● **Exercise instructions**
Which of the lines below hold "into"? Please return each one.

● **Records excerpted from a collection**
(* For every pair of binary hypothesis classes $S,B\subseteq\{-1,1,*\}^X$ and every $n\in\mathbb{Z}_{>0}$, let $m:=\mathsf{Ldim}(S,B)$ and $\varepsilon^*:=\inf\{\varepsilon\ge0:\mathsf{CompOL}_n(S,B,\varepsilon)\ne\emptyset\}$. Then \[ \min\left\{\frac12,\frac m{2n}\right\}\le\varepsilon^*\le O\!\left(\sqrt{\frac mn\log\frac{2m+n}m}\right). \]
   Context: An online learner $L$ processes a sequence $(x_1,y_1),\dots,(x_n,y_n)\in X\times\{-1,1\}$: for each $i$, given $(x_1,y_1),\dots,(x_{i-1},y_{i-1})$ and $x_i$, it outputs a (possibly random) prediction $\hat y_i\in\{-1,1\}$. Define $\mathsf{mistake}(L;(x_i,y_i)_{i=1}^n)=\frac1n\sum_i\Pr[\hat y_i\ne y_i]$ and, for $h:X\to\{-1,1,*\}$, $\mathsf{mistake}(h;(x_i,y_i)_{i=1}^n)=\frac1n\sum_i\mathbf{1}(h(x_i)\ne y_i)$. $\mathsf{CompOL}_n(S,B,\varepsilon)$ is the set of online learners $L$ such that for every $s\in S$ and every sequence with $y_i=s(x_i)$ for all $i$, $\mathsf{mistake}(L;\cdot)\le\inf_{b\in B}\mathsf{mistake}(b;\cdot)+\varepsilon$. A family $(x_\zeta)_{\zeta\in\bigcup_{i=0}^{m-1}\{-1,1\}^i}$ of points of $X$ (a complete binary tree of depth $m$) is shattered by $H$ if for every $\xi=(\xi_1,\dots,\xi_m)\in\{-1,1\}^m$ there is $h\in H$ with $h(x_{\xi_{<i}})=\xi_i$ for all $i=1,\dots,m$, where $\xi_{<i}$ is the length-$(i-1)$ prefix. The mutual Littlestone dimension $\mathsf{Ldim}(S,B)$ is the sup of $m\ge0$ such that some such family is shattered by both $S$ and $B$. The case $m=0$ in the upper bound is read with the convention that the bound is $0$. $\log$ base 2. *)

From HB Require Import structures.
From mathcomp Require Import all_boot all_order all_algebra.
From mathcomp Require Import all_classical all_reals all_analysis.
From mathcomp Require Import Rstruct Rstruct_topology.
Set Implicit Arguments. Unset Strict Implicit. Unset Printing Implicit Defensive.
Import Order.TTheory GRing.Theory Num.Theory.
Local Open Scope classical_set_scope.
Local Open Scope ring_scope.

(* Labels: [true] = +1, [false] = -1.  Partial hypotheses X -> {-1,1,*}:
   [Some b] is the label b, [None] is *. *)
Definition hyp (X : Type) := X -> option bool.

(* An online learner: given the history (x_1,y_1),...,(x_{i-1},y_{i-1}) and x_i,
   it returns Pr[\hat y_i = +1]. *)
Definition learner (X : Type) := seq (X * bool) -> X -> Rdefinitions.R.

Definition is_learner (X : Type) (L : learner X) : Prop :=
  forall hist x, 0 <= L hist x <= 1.

Definition err (p : Rdefinitions.R) (y : bool) : Rdefinitions.R :=
  if y then 1 - p else p.

Fixpoint cumloss (X : Type) (L : learner X) (hist s : seq (X * bool))
  : Rdefinitions.R :=
  match s with
  | [::] => 0
  | (x, y) :: s' => err (L hist x) y + cumloss L (rcons hist (x, y)) s'
  end.

Definition mistakeL (X : Type) (L : learner X) (s : seq (X * bool))
  : Rdefinitions.R :=
  cumloss L [::] s / (size s)%:R.

Definition mistakeH (X : Type) (h : hyp X) (s : seq (X * bool))
  : Rdefinitions.R :=
  (\sum_(p <- s) (if h p.1 == Some p.2 then 0 else 1)) / (size s)%:R.

Definition CompOL (X : Type) (n : nat) (S B : set (hyp X)) (eps : Rdefinitions.R)
  (L : learner X) : Prop :=
  is_learner L /\
  forall (s : hyp X) (sq : seq (X * bool)),
    S s -> size sq = n -> List.Forall (fun p => s p.1 = Some p.2) sq ->
    ((mistakeL L sq)%:E <=
       ereal_inf [set (mistakeH b sq)%:E | b in B] + eps%:E)%E.

(* complete binary tree of depth m: points x_zeta, zeta in U_{i<m} {-1,1}^i *)
Definition tree (X : Type) (m : nat) := forall i : 'I_m, i.-tuple bool -> X.

Definition prefix (m : nat) (xi : m.-tuple bool) (i : 'I_m) : i.-tuple bool :=
  [tuple tnth xi (widen_ord (ltnW (ltn_ord i)) j) | j < i].

Definition shattered (X : Type) (m : nat) (H : set (hyp X)) (t : tree X m) : Prop :=
  forall xi : m.-tuple bool, exists2 h, H h &
    forall i : 'I_m, h (t i (prefix xi i)) = Some (tnth xi i).

(* mutual Littlestone dimension, as an extended real (sup of empty set = -oo,
   +oo if unbounded) *)
Definition Ldim (X : Type) (S B : set (hyp X)) : \bar Rdefinitions.R :=
  ereal_sup [set ((m%:R : Rdefinitions.R)%:E) | m in
              [set m : nat | exists t : tree X m, shattered S t /\ shattered B t]].

Definition epsstar (X : Type) (n : nat) (S B : set (hyp X)) : Rdefinitions.R :=
  inf [set eps : Rdefinitions.R | 0 <= eps /\ exists L, CompOL n S B eps L].

Definition log2 (x : Rdefinitions.R) : Rdefinitions.R := ln x / ln 2.

(* Lower bound: along a tree of depth m shattered by both S and B, an adversary
   labels each point against the learner's more likely prediction.  Some s in S
   and b in B realise the resulting branch, so b makes no mistake while the
   learner errs with probability at least 1/2 in each of the first min(n, m)
   rounds.

   Upper bound: run the Standard Optimal Algorithm (SOA) on the version pair
   (S, B), ranked by the depth of its deepest mutually shattered tree, which is
   at most m.  Against any b in B, contradicting the SOA exactly in the rounds
   where it errs and b does not keeps s and b in the version pair and lowers its
   rank, so there are at most m such rounds, and the resulting expert errs only
   where b does.  Hedge over all flip patterns, with the product prior
   flipping each round with probability m / (n + m), then loses at most
   O(sqrt (n m log ((n + m) / m))) more than every such expert; when m = 0 the
   SOA itself is already competitive. *)

From Pilot Require Import Defs.
From HB Require Import structures.
From mathcomp Require Import all_boot all_order all_algebra.
From mathcomp Require Import all_classical all_reals all_analysis.
From mathcomp Require Import Rstruct Rstruct_topology.
From mathcomp Require Import zify ring lra.
Set Implicit Arguments. Unset Strict Implicit. Unset Printing Implicit Defensive.
Import Order.TTheory GRing.Theory Num.Theory.
Local Open Scope classical_set_scope.
Local Open Scope ring_scope.

Notation RR := Rdefinitions.R.

Section MutualShattering.
Variable X : Type.
Implicit Types (V W H : set (hyp X)) (x : X).

(* Trees indexed by plain sequences rather than tuples, so that a tree can be
   split at its root without casts. *)
Definition shatters H j (g : 'I_j -> seq bool -> X) : Prop :=
  forall xi : seq bool, size xi = j -> exists2 h, H h &
    forall i : 'I_j, h (g i (take i xi)) = Some (nth false xi i).

Definition mshatters V W j :=
  exists g : 'I_j -> seq bool -> X, shatters V g /\ shatters W g.

Definition mshatters_bounded K V W := forall j, mshatters V W j -> (j <= K)%N.

Definition restrict H x y : set (hyp X) := [set h | H h /\ h x = Some y].

Lemma restrict_sub H x y : restrict H x y `<=` H.
Proof. by move=> h []. Qed.

Lemma shatters_sub H H' j (g : 'I_j -> seq bool -> X) :
  H `<=` H' -> shatters H g -> shatters H' g.
Proof.
by move=> sH hH xi sx; have [h Hh Eh] := hH xi sx; exists h => //; apply: sH.
Qed.

Lemma mshatters_sub V W V' W' j :
  V `<=` V' -> W `<=` W' -> mshatters V W j -> mshatters V' W' j.
Proof.
move=> sV sW [g [hV hW]]; exists g.
by split; [apply: shatters_sub sV hV | apply: shatters_sub sW hW].
Qed.

Lemma mshatters0 V W h1 h2 : V h1 -> W h2 -> mshatters V W 0.
Proof.
move=> V1 W2; have g : 'I_0 -> seq bool -> X by case.
by exists g; split=> xi _; [exists h1 | exists h2] => // -[].
Qed.

Lemma mshatters_boundedS K V W V' W' : V `<=` V' -> W `<=` W' ->
  mshatters_bounded K V' W' -> mshatters_bounded K V W.
Proof. by move=> sV sW HK j /(mshatters_sub sV sW); apply: HK. Qed.

Definition join_tree j x (g0 g1 : 'I_j -> seq bool -> X) : 'I_j.+1 -> seq bool -> X :=
  fun i s => if unlift ord0 i is Some i' then
               (if head false s then g1 else g0) i' (behead s)
             else x.

Lemma shatters_join H x j (g0 g1 : 'I_j -> seq bool -> X) :
  shatters (restrict H x false) g0 -> shatters (restrict H x true) g1 ->
  shatters H (join_tree x g0 g1).
Proof.
move=> h0 h1 [|y xi] //= [sx].
have [h [Hh hx] Eh] : exists2 h, restrict H x y h &
    forall i : 'I_j, h ((if y then g1 else g0) i (take i xi)) = Some (nth false xi i).
  by case: y; [apply: h1 | apply: h0].
exists h => // i; rewrite /join_tree.
by case: (unliftP ord0 i) => [i'|] -> /=; rewrite ?Eh.
Qed.

Lemma mshatters_join V W x j :
  mshatters (restrict V x false) (restrict W x false) j ->
  mshatters (restrict V x true) (restrict W x true) j -> mshatters V W j.+1.
Proof.
move=> [g0 [V0 W0]] [g1 [V1 W1]]; exists (join_tree x g0 g1).
by split; apply: shatters_join.
Qed.

Lemma shattered_shatters H j (t : tree X j) :
  shattered H t -> shatters H (fun i s => t i [tuple nth false s u | u < i]).
Proof.
move=> hH xi sx; have [h Hh Eh] := hH [tuple nth false xi u | u < j].
exists h => // i; move: (Eh i); rewrite tnth_mktuple => <-; congr (h (t i _)).
by apply: eq_from_tnth => u; rewrite /Defs.prefix !tnth_mktuple /= nth_take.
Qed.

Lemma shatters_shattered H j (g : 'I_j -> seq bool -> X) :
  shatters H g -> shattered H (fun i z => g i (val z)).
Proof.
move=> hH xi; have [h Hh Eh] := hH (val xi) (size_tuple xi).
exists h => // i; rewrite (tnth_nth false) -Eh; congr (h (g i _)).
apply: (@eq_from_nth _ false) => [|u].
  by rewrite size_tuple size_takel // size_tuple ltnW.
rewrite size_tuple => hu.
rewrite (nth_take _ hu) -(tnth_nth false (Defs.prefix xi i) (Ordinal hu)).
by rewrite tnth_mktuple (tnth_nth false).
Qed.

Lemma mshattersP V W j :
  mshatters V W j <-> exists t : tree X j, shattered V t /\ shattered W t.
Proof.
split=> [[g [hV hW]] | [t [hV hW]]].
  by exists (fun i z => g i (val z)); split; apply: shatters_shattered.
exists (fun i s => t i [tuple nth false s u | u < i]).
by split; apply: shattered_shatters.
Qed.

Section Rank.
Variable K : nat.

(* One more than the depth of the deepest mutually shattered tree (depths
   capped at [K]), so that [0] means that [V] or [W] is empty. *)
Definition rank V W : nat := \max_(i < K.+1 | `[< mshatters V W i >]) i.+1.

Lemma rank_le V W : (rank V W <= K.+1)%N.
Proof. by apply/bigmax_leqP => i _; exact: ltn_ord. Qed.

Lemma rank_gt V W i : mshatters V W i -> (i <= K)%N -> (i < rank V W)%N.
Proof.
move=> D hi; have hi' : (i < K.+1)%N by [].
by apply: (@leq_bigmax_cond _ _ (fun i : 'I_K.+1 => i.+1) (Ordinal hi')); apply/asboolP.
Qed.

Lemma rank_witness V W : (0 < rank V W)%N -> exists2 i, mshatters V W i & rank V W = i.+1.
Proof.
case: (pickP (fun i : 'I_K.+1 => `[< mshatters V W i >])) => [i0 Di0 _ | none].
  2: by rewrite /rank big_pred0.
have nonempty : (0 < #|[pred i : 'I_K.+1 | `[< mshatters V W i >]]|)%N.
  by apply/card_gt0P; exists i0.
have [i /asboolP Di Ei] := eq_bigmax_cond (fun i : 'I_K.+1 => i.+1) nonempty.
by exists i.
Qed.

Lemma rank_sub V W V' W' : V `<=` V' -> W `<=` W' -> (rank V W <= rank V' W')%N.
Proof.
move=> sV sW; apply/bigmax_leqP => i /asboolP D.
by apply: rank_gt; [apply: mshatters_sub D | rewrite -ltnS].
Qed.

Definition soa V W x : bool :=
  (rank (restrict V x false) (restrict W x false) < rank V W)%N.

Lemma rank_full_restrict V W x y :
  (rank V W <= rank (restrict V x y) (restrict W x y))%N -> (0 < rank V W)%N ->
  exists2 i, mshatters (restrict V x y) (restrict W x y) i & rank V W = i.+1.
Proof.
move=> rank_ge rank_gt0.
have rank_eq : rank (restrict V x y) (restrict W x y) = rank V W.
  by apply/eqP; rewrite eqn_leq rank_ge andbT; apply: rank_sub; apply: restrict_sub.
by rewrite -rank_eq; apply: rank_witness; rewrite rank_eq.
Qed.

(* If both restrictions kept the rank, their witnesses would join at the root x
   into a deeper mutually shattered tree. *)
Lemma rank_restrict_soa V W x : mshatters_bounded K V W -> mshatters V W 0 ->
  (rank (restrict V x (~~ soa V W x)) (restrict W x (~~ soa V W x)) < rank V W)%N.
Proof.
move=> HK D0; rewrite /soa.
set r_false := rank (restrict V x false) (restrict W x false).
case: (ltnP r_false (rank V W)) => [//| ge_false] /=.
rewrite ltnNge; apply/negP => ge_true.
have rank_gt0 : (0 < rank V W)%N by apply: rank_gt D0 _.
have [i D_false E_false] := rank_full_restrict ge_false rank_gt0.
have [i' D_true E_true] := rank_full_restrict ge_true rank_gt0.
have ii' : i' = i by apply/succn_inj; rewrite -E_true -E_false.
rewrite {}ii' in D_true.
have D := mshatters_join D_false D_true.
by have := rank_gt D (HK _ D); rewrite E_false ltnn.
Qed.

End Rank.
End MutualShattering.

Section Predictors.
Variable X : Type.
Implicit Types (P : seq (X * bool) -> X -> bool) (h : hyp X) (s : seq (X * bool)).

Definition realizes h s : bool := all (fun p => h p.1 == Some p.2) s.

Fixpoint mistakes P pre s : nat :=
  if s is p :: s' then (P pre p.1 != p.2) + mistakes P (rcons pre p) s' else 0.

Definition hyp_mistakes h s : nat := \sum_(p <- s) (h p.1 != Some p.2).

Lemma mistakes_rcons P pre s p :
  mistakes P pre (rcons s p) = (mistakes P pre s + (P (pre ++ s) p.1 != p.2))%N.
Proof.
elim: s pre => [|q s IH] pre /=; first by rewrite cats0 addn0.
by rewrite IH -cats1 -catA cat1s addnA.
Qed.

Lemma hyp_mistakes_le_size h s : (hyp_mistakes h s <= size s)%N.
Proof.
by rewrite /hyp_mistakes -sum1_size; apply: leq_sum => p _; exact: leq_b1.
Qed.

Lemma realizes_hyp_mistakes h s : realizes h s -> hyp_mistakes h s = 0%N.
Proof.
rewrite /hyp_mistakes; elim: s => [|p s IH]; first by rewrite big_nil.
by rewrite big_cons => /= /andP[/eqP -> /IH ->]; rewrite eqxx.
Qed.
Section FirmlyNonexpansive.
Variables (R : realType) (p q : nat) (T : {linear 'M[R]_(p, q) -> 'M[R]_(p, q)}).
Hypothesis T_firm : forall H, frob (T H) (T H) <= frob (T H) H.
Implicit Types H W F : 'M[R]_(p, q).

Lemma firm_dist H : frob (T H - H) (T H - H) <= frob H H - frob (T H) (T H).
Proof.
have := T_firm H; rewrite !(frobBl, frobBr) (frobC H); lra.
Qed.

Lemma firm_nonexp H : frob (T H) (T H) <= frob H H.
Proof. have := firm_dist H; have := frob_ge0 (T H - H); lra. Qed.

Lemma firm_nonexp_eq H : frob (T H) (T H) = frob H H -> T H = H.
Proof.
move=> eq_norm; apply/eqP; rewrite -subr_eq0; apply/eqP/frob_eq0/eqP.
by rewrite eq_le frob_ge0 andbT; have := firm_dist H; lra.
Qed.

Lemma firm_orth_fix W F : T F = F -> frob W F = 0 -> frob (T W) F = 0.
Proof.
move=> TF WF; set a := frob (T W) F; set c := frob (T W) (T W) - frob (T W) W.
have c_le0 : c <= 0 by rewrite subr_le0 T_firm.
(* Firm nonexpansiveness at [F + t W] gives [t a + t^2 c <= 0] for all [t];
   [t = a / (1 - c)] turns this into [t^2 <= 0]. *)
have key t : t * a + t ^+ 2 * c <= 0.
  have := T_firm (F + t *: W); rewrite linearD linearZ TF.
  rewrite !(frobDl, frobDr, frobZl, frobZr) (frobC F W) WF (frobC F (T W)) -/a.
  rewrite /c; nra.
set w := (1 - c)^-1.
have w0 : 0 < w by rewrite invr_gt0; lra.
have wc : w * (1 - c) = 1 by rewrite mulVf // lt0r_neq0 //; lra.
have := key (a * w).
have -> : a * w * a + (a * w) ^+ 2 * c = (a * w) ^+ 2.
  by rewrite -[X in X + _ = _]mulr1 -wc; ring.
rewrite le_eqVlt ltNge sqr_ge0 orbF sqrf_eq0 mulf_eq0 (gt_eqF w0) orbF.
by move/eqP.
Qed.

End FirmlyNonexpansive.

Lemma frob_conj (R : realType) p n (Q : 'M[R]_(p, n)) (Y : 'M[R]_n) (Z : 'M[R]_p) :
  frob (Q *m Y *m Q^T) Z = frob Y (Q^T *m Z *m Q).
Proof. by rewrite /frob !trmx_mul trmxK -!mulmxA mxtrace_mulC !mulmxA. Qed.

Section Hadamard.
Variables (R : realType) (n : nat) (W : 'M[R]_n).

Fact hadamard_is_linear : linear (hadamard W).
Proof. by move=> a X Y; apply/matrixP => i j; rewrite !mxE mulrDr mulrCA. Qed.
HB.instance Definition _ :=
  GRing.isLinear.Build R _ _ _ (hadamard W) hadamard_is_linear.

Lemma hadamard_tr X : (hadamard W X)^T = hadamard W^T X^T.
Proof. by apply/matrixP => i j; rewrite !mxE. Qed.

End Hadamard.

Section OmegaWeights.
Variables (R : realType) (n r : nat) (lam : 'I_n -> R).
Local Notation Om := (Omega r lam).

Lemma Omega_tr : Om^T = Om.
Proof. by apply/matrixP => i j; rewrite !mxE; case: (i < r)%N; case: (j < r)%N. Qed.

(* The X- and S-parts of a matrix, zero-padded in place rather than extracted
   as the submatrices [H_X] and [H_S]. *)
Definition blockX (Z : 'M[R]_n) : 'M[R]_n :=
  \matrix_(i, j) if (i < r)%N && (j < r)%N then Z i j else 0.
Definition blockS (Z : 'M[R]_n) : 'M[R]_n :=
  \matrix_(i, j) if ~~ (i < r)%N && ~~ (j < r)%N then Z i j else 0.

Section BlockDiagonal.
Variable Z : 'M[R]_n.
Hypothesis Z_blockdiag : forall i j : 'I_n, (i < r)%N != (j < r)%N -> Z i j = 0.

Lemma blockXS_sum : blockX Z + blockS Z = Z.
Proof.
apply/matrixP => i j; rewrite !mxE.
have := @Z_blockdiag i j; case: (i < r)%N; case: (j < r)%N => /= Zij;
  by rewrite ?addr0 ?add0r // Zij.
Qed.

Lemma hadamard_Omega_blockdiag : hadamard Om Z = blockX Z.
Proof.
apply/matrixP => i j; rewrite !mxE.
have := @Z_blockdiag i j; case: (i < r)%N; case: (j < r)%N => /= Zij;
  by rewrite ?mul1r ?mul0r //; rewrite Zij ?mulr0.
Qed.

End BlockDiagonal.

Hypothesis lam_gt0 : forall i : 'I_n, (i < r)%N -> 0 < lam i.
Hypothesis lam_lt0 : forall i : 'I_n, (r <= i)%N -> lam i < 0.

Lemma Omega_off (i j : 'I_n) : (i < r)%N != (j < r)%N -> 0 < Om i j < 1.
Proof.
have frac (x y : R) : 0 < x -> y < 0 -> 0 < x / (x - y) < 1.
  by move=> x0 y0; rewrite divr_gt0 ?ltr_pdivrMr /=; lra.
rewrite mxE; case ir: (i < r)%N; case jr: (j < r)%N => //= _.
  by apply: frac; [exact: lam_gt0 | apply: lam_lt0; rewrite leqNgt jr].
by apply: frac; [exact: lam_gt0 | apply: lam_lt0; rewrite leqNgt ir].
Qed.

Lemma Omega_ge0_le1 (i j : 'I_n) : 0 <= Om i j <= 1.
Proof.
have [/Omega_off/andP[/ltW-> /ltW->] //|] := boolP ((i < r)%N != (j < r)%N).
by rewrite negbK mxE => /eqP <-; case: (i < r)%N; rewrite /= ?lexx ?ler01.
Qed.

End OmegaWeights.

Section Symmetric.
Variables (R : realType) (n : nat).
Implicit Types X Y : 'M[R]_n.

Lemma inner_frob X Y : symmx X -> inner X Y = frob X Y.
Proof. by rewrite /symmx /inner /frob => ->. Qed.

Lemma fnorm_sqr X : symmx X -> fnorm X ^+ 2 = frob X X.
Proof. by move=> sX; rewrite /fnorm inner_frob // sqr_sqrtr // frob_ge0. Qed.

Lemma symmx0 : symmx (0 : 'M[R]_n).
Proof. exact: trmx0. Qed.

Lemma symmxD X Y : symmx X -> symmx Y -> symmx (X + Y).
Proof. by rewrite /symmx linearD => /= -> ->. Qed.

Lemma symmxB X Y : symmx X -> symmx Y -> symmx (X - Y).
Proof. by rewrite /symmx linearB => /= -> ->. Qed.

Lemma symmx_lincomb k (F : 'I_k -> 'M[R]_n) y :
  (forall i, symmx (F i)) -> symmx (lincomb F y).
Proof.
move=> sF; apply: (big_ind (fun X => symmx X) symmx0 symmxD) => i _.
by rewrite /symmx linearZ /= sF.
Qed.

Definition symmpart X := 2^-1 *: (X + X^T).

Fact symmpart_is_linear : linear symmpart.
Proof. by move=> a X Y; apply/matrixP => i j; rewrite !mxE; lra. Qed.
HB.instance Definition _ := GRing.isLinear.Build R _ _ _ symmpart symmpart_is_linear.

Lemma symmx_symmpart X : symmx (symmpart X).
Proof. by rewrite /symmx /symmpart linearZ linearD /= trmxK addrC. Qed.

Lemma symmpart_id X : symmx X -> symmpart X = X.
Proof.
by rewrite /symmpart => ->; apply/matrixP => i j; rewrite !mxE; lra.
Qed.

Lemma symmpart_idem X : symmpart (symmpart X) = symmpart X.
Proof. exact/symmpart_id/symmx_symmpart. Qed.

Lemma frob_symmpart X Y : frob (symmpart X) Y = frob X (symmpart Y).
Proof. by rewrite frobZl frobZr frobDl frobDr frob_trl. Qed.

End Symmetric.

Section ConstraintProjection.
Variables (R : realType) (m n : nat) (A : 'I_m -> 'M[R]_n).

● **Response area**
   into a deeper mutually shattered tree. *)
   [t = a / (1 - c)] turns this into [t^2 <= 0]. *)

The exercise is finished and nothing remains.